Allotment once declared null and void raises a presumption that there was no allotment at any point of time #indianlaws

Once such allotment is declared null and void, it is presumed that there was no such allotment at any point of time. If there was no such allotment, said allotments having been declared null and void

The present writ applications were filed in relation to allotment of lands in favour of the Petitioners, cancellation of such allotment by later order and initiation and continuance of the Land Acquisition Proceeding without consideration of the objections filed under Section 5A of the Land Acquisition Act, 1894 (Act).

It was the contention of Parties that once the proceedings under the Act has been initiated and objections were called, without disposing of objections made, no other proceeding could be initiated. Further contention was that if the allotments made in favour of the Petitioners were not in accordance with the Rules, before initiating the land acquisition proceeding, the State Government should have taken the exercise of finding out as to whether such allotments were legal or not. The land acquisition proceeding having been initiated on the basis that the Petitioners were the land owners, it was no more open for the State to say that the allotments made in favour of the Petitioners were in contravention of the Rules.

State on other hand contended that once the allotment in favour of the Petitioners was declared to be null and void, they had no right to challenge the land acquisition proceeding, not being owners of the properties sought to be acquired and further when the order passed by the State Government declaring the allotment made in favour of the Petitioners null and void not been challenged, the Petitioners cannot challenge the acquisition proceeding so long they are not declared owners of the properties sought to be acquired and therefore, even if the land acquisition proceeding had reached the stage of award, the same was not open to be challenge at the instance of the Petitioners who were no more owners of the lands acquired under notification issued under Section 4 of the Act.

The Court observed that the process for examining the legality of allotments made in favour of the Petitioners started much after Section 4 Notification was issued. Even by the time the State Government started the process of examining the legality of the allotments made in favour of the Petitioners, objections under Section 5A of the Act had already been filed. However, undisputedly in course of the proceeding under the Act, it was brought to the notice of the Government that the allotment made in favour of the Petitioners was without approval of the State Government and accordingly the Vigilance Department was directed to conduct enquiry. On the basis of the interim report submitted by the Directorate of Vigilance, notices were issued to all the Petitioners to show cause as to why such allotments should not be cancelled or declared null and void and be resumed. No reply was submitted and therefore, the State authorities accepted the Vigilance report and declared the allotments null and void.

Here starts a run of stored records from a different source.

Lemma dist_flow {ext ext0 S S0} n m {d} : pos_valued ext0 ->
  frac_valued S -> frac_valued S0 -> 0 < d -> nearby d S S0 ->
  `|flow ext S n m - flow ext0 S0 n m| <= `|ext n - ext0 n| + ext0 n * (size (route n))%:R * d.
Proof.
move=> ext0_gt0 S_frac S0_frac d0 SS0; rewrite /flow.
case: ifP => _; last by rewrite subrr normr0 addr_ge0 // !mulr_ge0 // ltW.
have -> : ext n * transmit S n m - ext0 n * transmit S0 n m =
  (ext n - ext0 n) * transmit S n m + ext0 n * (transmit S n m - transmit S0 n m).
  by ring.
apply: le_trans (ler_normD _ _) _; rewrite !normrM -mulrA.
have /andP[t0 t1] := transmit_frac n m S_frac.
rewrite (gtr0_norm t0) (gtr0_norm (ext0_gt0 n)) lerD ?ler_piMr //.
rewrite ler_wpM2l ?(ltW (ext0_gt0 n)) //.
apply: le_trans (dist_prod_frac _ S_frac S0_frac (fun k => ltW (SS0 k))) _.
by rewrite ler_wpM2r ?(ltW d0) // ler_nat size_upstream.
Qed.

Lemma nearby_class_weight J {d rn rn0 rhon rhon0} : nearby d rn rn0 -> nearby d rhon rhon0 ->
  nearby (d * (\sum_n (J n)%:R + 1)) (class_weight J rn rhon) (class_weight J rn0 rhon0).
Proof.
move=> rnc rhonc n; have d0 : 0 < d := le_lt_trans (normr_ge0 _) (rnc n).
have -> : class_weight J rn rhon n - class_weight J rn0 rhon0 n =
  (J n)%:R * (rn n - rn0 n) + (rhon n - rhon0 n) by rewrite /class_weight; ring.
apply: le_lt_trans (ler_normD _ _) _; rewrite normrM ger0_norm //.
have Jn : (J n)%:R <= \sum_n (J n)%:R :> R by rewrite (bigD1 n) //= lerDl sumr_ge0.
have := rnc n; have := rhonc n; have : (J n)%:R * `|rn n - rn0 n| <= (J n)%:R * d.
  by rewrite ler_wpM2l // ltW.
have : (J n)%:R * d <= (\sum_n (J n)%:R) * d by rewrite ler_wpM2r // ltW.
lra.
Qed.

Lemma flow_continuous J (sol : ('I_N -> R) -> ('I_M -> R) -> 'I_M -> R) :
  (forall w sg, pos_valued w -> frac_valued sg -> frac_valued (sol w sg)) ->
  param_continuous sol ->
  let S rn rhon := sol (class_weight J rn rhon) (fun=> 1) in
  forall rn0 rhon0, pos_valued rn0 -> pos_valued rhon0 ->
  forall eps, 0 < eps -> exists2 delta, 0 < delta & forall rn rhon,
    pos_valued rn -> pos_valued rhon ->
    (forall n, `|rn n - rn0 n| < delta /\ `|rhon n - rhon0 n| < delta) ->
    forall n m, `|flow rn (S rn rhon) n m - flow rn0 (S rn0 rhon0) n m| < eps /\
                `|flow rhon (S rn rhon) n m - flow rhon0 (S rn0 rhon0) n m| < eps.
Proof.
move=> sol_frac sol_cont S rn0 rhon0 rn0_gt0 rhon0_gt0 eps eps0.
have w0_gt0 := class_weight_gt0 (J := J) rn0_gt0 rhon0_gt0.
set B := \sum_n (rn0 n + rhon0 n) * (size (route n))%:R + 1.
have sum_ge0 : 0 <= \sum_n (rn0 n + rhon0 n) * (size (route n))%:R.
  by apply: sumr_ge0 => k _; rewrite mulr_ge0 // addr_ge0 // ltW.
have B0 : 0 < B by rewrite ltr_wpDl.
have Bge n : (rn0 n + rhon0 n) * (size (route n))%:R <= B.
  rewrite /B (bigD1 n) //= -addrA lerDl addr_ge0 // sumr_ge0 // => k _.
  by rewrite mulr_ge0 // addr_ge0 // ltW.
set Jb := \sum_n (J n)%:R + 1 : R.
have Jb0 : 0 < Jb by rewrite ltr_wpDl // sumr_ge0.
set e1 := eps / (2 * B).
have e10 : 0 < e1 by rewrite divr_gt0 // mulr_gt0.
have [d1 d10 hd1] := sol_cont _ _ w0_gt0 frac_valued1 _ e10.
exists (Num.min (d1 / Jb) (eps / 2)) => [|rn rhon rn_gt0 rhon_gt0 close n m].
  by rewrite lt_min divr_gt0 ?divr_gt0.
have [rnc rhonc] : nearby (Num.min (d1 / Jb) (eps / 2)) rn rn0 /\
    nearby (Num.min (d1 / Jb) (eps / 2)) rhon rhon0 by split=> k; case: (close k).
have ww0 := nearby_class_weight J (nearby_minl rnc) (nearby_minl rhonc).
rewrite divfK ?gt_eqF // in ww0.
have SS0 := hd1 _ _ (class_weight_gt0 rn_gt0 rhon_gt0) frac_valued1 ww0 (nearby_refl d10).
have S_frac := sol_frac _ _ (class_weight_gt0 (J := J) rn_gt0 rhon_gt0) frac_valued1.
have S0_frac := sol_frac _ _ w0_gt0 frac_valued1.
have close_flow ext ext0 : pos_valued ext0 -> (ext0 n <= rn0 n + rhon0 n) ->
    nearby (eps / 2) ext ext0 ->
    `|flow ext (S rn rhon) n m - flow ext0 (S rn0 rhon0) n m| < eps.
  move=> ext0_gt0 ext0_le ext_close.
  apply: le_lt_trans (dist_flow n m ext0_gt0 S_frac S0_frac e10 SS0) _.
  have : ext0 n * (size (route n))%:R * e1 <= eps / 2.
    rewrite (_ : eps / 2 = B * e1); last by rewrite /e1; field; rewrite gt_eqF.
    rewrite ler_wpM2r ?(ltW e10) // (le_trans _ (Bge n)) // ler_wpM2r //.
  by have := ext_close n; lra.
split; apply: close_flow => //.
- by rewrite lerDl ltW.
- exact: nearby_minr rnc.
- by rewrite lerDr ltW.
- exact: nearby_minr rhonc.
Qed.

End Network.


Theorem mainTheorem2 (R : realType) (M N : nat) (C : 'I_M -> R)
  (route : 'I_N -> seq 'I_M) (J : 'I_N -> nat) :
  (forall m, 0 < C m) ->
  (forall n, uniq (route n)) ->
  exists sol : ('I_N -> R) -> ('I_N -> R) ->
               (('I_N -> 'I_M -> R) * ('I_N -> 'I_M -> R)),
    (* existence and uniqueness for all positive parameters *)
    (forall rn rhon : 'I_N -> R,
       (forall n, 0 < rn n) -> (forall n, 0 < rhon n) ->
       is_solution C route J rn rhon (sol rn rhon).1 (sol rn rhon).2 /\
       (forall r rho, is_solution C route J rn rhon r rho ->
          forall n m, r n m = (sol rn rhon).1 n m /\
                      rho n m = (sol rn rhon).2 n m)) /\
    (* continuity in (rn, rhon) on the positive parameter domain *)
    (forall rn0 rhon0 : 'I_N -> R,
       (forall n, 0 < rn0 n) -> (forall n, 0 < rhon0 n) ->
       forall eps : R, 0 < eps -> exists2 delta : R, 0 < delta &
         forall rn rhon : 'I_N -> R,
           (forall n, 0 < rn n) -> (forall n, 0 < rhon n) ->
           (forall n, `|rn n - rn0 n| < delta /\ `|rhon n - rhon0 n| < delta) ->
           forall n m,
             `|(sol rn rhon).1 n m - (sol rn0 rhon0).1 n m| < eps /\
             `|(sol rn rhon).2 n m - (sol rn0 rhon0).2 n m| < eps).
Proof.
move=> C_gt0 route_uniq.
have [S S_fix S_cont] := solvable_all C route C_gt0 route_uniq setT.
have S_frac w sg : pos_valued w -> frac_valued sg -> frac_valued (S w sg).
  by move=> w_gt0 sg_frac; apply: (partial_fixpoint_frac C route C_gt0 sg_frac); exact: S_fix.
pose S1 rn rhon := S (class_weight J rn rhon) (fun=> 1).
exists (fun rn rhon => (flow route rn (S1 rn rhon), flow route rhon (S1 rn rhon))).
split; last exact: flow_continuous route J S S_frac S_cont.
move=> rn rhon rn_gt0 rhon_gt0.
have S1_fix := S_fix _ _ (class_weight_gt0 (J := J) rn_gt0 rhon_gt0) frac_valued1.
split=> [|r rho sol n m] /=; first by move: (flow_solution C route route_uniq S1_fix).
by have [-> ->] := solution_unique C route C_gt0 route_uniq rn_gt0 rhon_gt0 frac_valued1 S1_fix sol.
Qed.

Once such allotment is declared null and void, it is presumed that there was no such allotment at any point of time. If there was no such allotment, said allotments having been declared null and void, it was not open for them to challenge the land acquisition proceeding as they were not the owners of the properties sought to be acquired under the said proceeding.

It was further held that since all the allotments were made without prior approval of the Government by then concerned official, such allotments were rightly declared to be null and void and without jurisdiction.